Nothing in the data should be altered when it is repeated in full.

Saved entries
···

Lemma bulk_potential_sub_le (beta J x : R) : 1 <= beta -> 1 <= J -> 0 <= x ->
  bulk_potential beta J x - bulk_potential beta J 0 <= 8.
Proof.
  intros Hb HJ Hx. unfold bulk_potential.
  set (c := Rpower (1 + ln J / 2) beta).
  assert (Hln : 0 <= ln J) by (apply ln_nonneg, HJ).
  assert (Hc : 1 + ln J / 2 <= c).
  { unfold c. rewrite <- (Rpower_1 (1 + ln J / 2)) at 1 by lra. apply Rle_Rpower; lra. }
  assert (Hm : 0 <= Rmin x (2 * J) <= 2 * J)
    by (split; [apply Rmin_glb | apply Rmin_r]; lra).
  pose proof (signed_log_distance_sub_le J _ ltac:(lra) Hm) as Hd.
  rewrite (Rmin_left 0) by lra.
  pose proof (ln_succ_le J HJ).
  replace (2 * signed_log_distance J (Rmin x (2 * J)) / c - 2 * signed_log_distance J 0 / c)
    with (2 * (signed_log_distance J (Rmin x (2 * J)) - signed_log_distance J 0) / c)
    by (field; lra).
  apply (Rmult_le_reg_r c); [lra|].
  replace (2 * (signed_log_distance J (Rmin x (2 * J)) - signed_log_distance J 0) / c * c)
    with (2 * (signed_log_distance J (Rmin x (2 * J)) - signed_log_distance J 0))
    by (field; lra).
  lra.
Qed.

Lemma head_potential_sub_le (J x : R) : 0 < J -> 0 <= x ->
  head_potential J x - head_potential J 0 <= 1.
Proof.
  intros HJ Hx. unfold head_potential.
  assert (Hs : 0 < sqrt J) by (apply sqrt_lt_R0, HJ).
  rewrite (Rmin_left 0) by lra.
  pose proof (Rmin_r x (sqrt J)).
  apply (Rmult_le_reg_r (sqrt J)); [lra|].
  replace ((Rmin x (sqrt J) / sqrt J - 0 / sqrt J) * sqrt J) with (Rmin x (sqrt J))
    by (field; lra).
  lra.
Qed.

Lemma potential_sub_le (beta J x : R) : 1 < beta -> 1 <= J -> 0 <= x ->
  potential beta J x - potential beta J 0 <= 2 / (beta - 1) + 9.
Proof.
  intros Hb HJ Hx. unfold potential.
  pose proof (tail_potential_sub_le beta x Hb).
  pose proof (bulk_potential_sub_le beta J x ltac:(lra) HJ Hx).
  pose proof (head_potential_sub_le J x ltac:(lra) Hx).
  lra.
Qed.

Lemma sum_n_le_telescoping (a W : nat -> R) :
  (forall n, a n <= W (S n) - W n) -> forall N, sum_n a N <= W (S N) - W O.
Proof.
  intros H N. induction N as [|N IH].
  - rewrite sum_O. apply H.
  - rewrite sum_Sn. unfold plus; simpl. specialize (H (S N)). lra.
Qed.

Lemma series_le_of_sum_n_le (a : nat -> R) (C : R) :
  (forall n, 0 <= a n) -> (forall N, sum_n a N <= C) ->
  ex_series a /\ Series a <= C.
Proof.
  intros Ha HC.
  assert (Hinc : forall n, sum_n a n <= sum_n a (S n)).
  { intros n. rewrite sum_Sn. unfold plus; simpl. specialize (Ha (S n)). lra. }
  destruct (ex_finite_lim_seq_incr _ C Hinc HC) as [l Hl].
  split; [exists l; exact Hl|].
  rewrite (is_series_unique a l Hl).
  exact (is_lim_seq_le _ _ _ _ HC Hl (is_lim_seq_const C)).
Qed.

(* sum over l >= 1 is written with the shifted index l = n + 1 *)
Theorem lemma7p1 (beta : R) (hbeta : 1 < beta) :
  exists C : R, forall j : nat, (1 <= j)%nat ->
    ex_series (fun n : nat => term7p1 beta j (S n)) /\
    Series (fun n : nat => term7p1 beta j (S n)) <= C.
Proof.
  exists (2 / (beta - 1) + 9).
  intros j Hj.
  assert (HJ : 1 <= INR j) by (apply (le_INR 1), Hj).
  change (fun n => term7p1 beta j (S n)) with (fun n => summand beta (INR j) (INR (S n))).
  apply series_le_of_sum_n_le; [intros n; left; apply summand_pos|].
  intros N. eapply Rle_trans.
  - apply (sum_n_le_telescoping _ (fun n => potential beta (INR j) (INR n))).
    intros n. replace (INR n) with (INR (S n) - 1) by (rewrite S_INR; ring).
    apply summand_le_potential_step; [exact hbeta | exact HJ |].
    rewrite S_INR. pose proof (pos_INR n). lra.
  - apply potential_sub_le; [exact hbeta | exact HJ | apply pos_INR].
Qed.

···

• WORKED SOLUTION:
Lemma bulk_potential_sub_le (beta J x : R) : 1 <= beta -> 1 <= J -> 0 <= x ->
  bulk_potential beta J x - bulk_potential beta J 0 <= 8.
Proof.
  intros Hb HJ Hx. unfold bulk_potential.
  set (c := Rpower (1 + ln J / 2) beta).
  assert (Hln : 0 <= ln J) by (apply ln_nonneg, HJ).
  assert (Hc : 1 + ln J / 2 <= c).
  { unfold c. rewrite <- (Rpower_1 (1 + ln J / 2)) at 1 by lra. apply Rle_Rpower; lra. }
  assert (Hm : 0 <= Rmin x (2 * J) <= 2 * J)
    by (split; [apply Rmin_glb | apply Rmin_r]; lra).
  pose proof (signed_log_distance_sub_le J _ ltac:(lra) Hm) as Hd.
  rewrite (Rmin_left 0) by lra.
  pose proof (ln_succ_le J HJ).
  replace (2 * signed_log_distance J (Rmin x (2 * J)) / c - 2 * signed_log_distance J 0 / c)
    with (2 * (signed_log_distance J (Rmin x (2 * J)) - signed_log_distance J 0) / c)
    by (field; lra).
  apply (Rmult_le_reg_r c); [lra|].
  replace (2 * (signed_log_distance J (Rmin x (2 * J)) - signed_log_distance J 0) / c * c)
    with (2 * (signed_log_distance J (Rmin x (2 * J)) - signed_log_distance J 0))
    by (field; lra).
  lra.
Qed.

Lemma head_potential_sub_le (J x : R) : 0 < J -> 0 <= x ->
  head_potential J x - head_potential J 0 <= 1.
Proof.
  intros HJ Hx. unfold head_potential.
  assert (Hs : 0 < sqrt J) by (apply sqrt_lt_R0, HJ).
  rewrite (Rmin_left 0) by lra.
  pose proof (Rmin_r x (sqrt J)).
  apply (Rmult_le_reg_r (sqrt J)); [lra|].
  replace ((Rmin x (sqrt J) / sqrt J - 0 / sqrt J) * sqrt J) with (Rmin x (sqrt J))
    by (field; lra).
  lra.
Qed.

Lemma potential_sub_le (beta J x : R) : 1 < beta -> 1 <= J -> 0 <= x ->
  potential beta J x - potential beta J 0 <= 2 / (beta - 1) + 9.
Proof.
  intros Hb HJ Hx. unfold potential.
  pose proof (tail_potential_sub_le beta x Hb).
  pose proof (bulk_potential_sub_le beta J x ltac:(lra) HJ Hx).
  pose proof (head_potential_sub_le J x ltac:(lra) Hx).
  lra.
Qed.

Lemma sum_n_le_telescoping (a W : nat -> R) :
  (forall n, a n <= W (S n) - W n) -> forall N, sum_n a N <= W (S N) - W O.
Proof.
  intros H N. induction N as [|N IH].
  - rewrite sum_O. apply H.
  - rewrite sum_Sn. unfold plus; simpl. specialize (H (S N)). lra.
Qed.

Lemma series_le_of_sum_n_le (a : nat -> R) (C : R) :
  (forall n, 0 <= a n) -> (forall N, sum_n a N <= C) ->
  ex_series a /\ Series a <= C.
Proof.
  intros Ha HC.
  assert (Hinc : forall n, sum_n a n <= sum_n a (S n)).
  { intros n. rewrite sum_Sn. unfold plus; simpl. specialize (Ha (S n)). lra. }
  destruct (ex_finite_lim_seq_incr _ C Hinc HC) as [l Hl].
  split; [exists l; exact Hl|].
  rewrite (is_series_unique a l Hl).
  exact (is_lim_seq_le _ _ _ _ HC Hl (is_lim_seq_const C)).
Qed.

(* sum over l >= 1 is written with the shifted index l = n + 1 *)
Theorem lemma7p1 (beta : R) (hbeta : 1 < beta) :
  exists C : R, forall j : nat, (1 <= j)%nat ->
    ex_series (fun n : nat => term7p1 beta j (S n)) /\
    Series (fun n : nat => term7p1 beta j (S n)) <= C.
Proof.
  exists (2 / (beta - 1) + 9).
  intros j Hj.
  assert (HJ : 1 <= INR j) by (apply (le_INR 1), Hj).
  change (fun n => term7p1 beta j (S n)) with (fun n => summand beta (INR j) (INR (S n))).
  apply series_le_of_sum_n_le; [intros n; left; apply summand_pos|].
  intros N. eapply Rle_trans.
  - apply (sum_n_le_telescoping _ (fun n => potential beta (INR j) (INR n))).
    intros n. replace (INR n) with (INR (S n) - 1) by (rewrite S_INR; ring).
    apply summand_le_potential_step; [exact hbeta | exact HJ |].
    rewrite S_INR. pose proof (pos_INR n). lra.
  - apply potential_sub_le; [exact hbeta | exact HJ | apply pos_INR].
Qed.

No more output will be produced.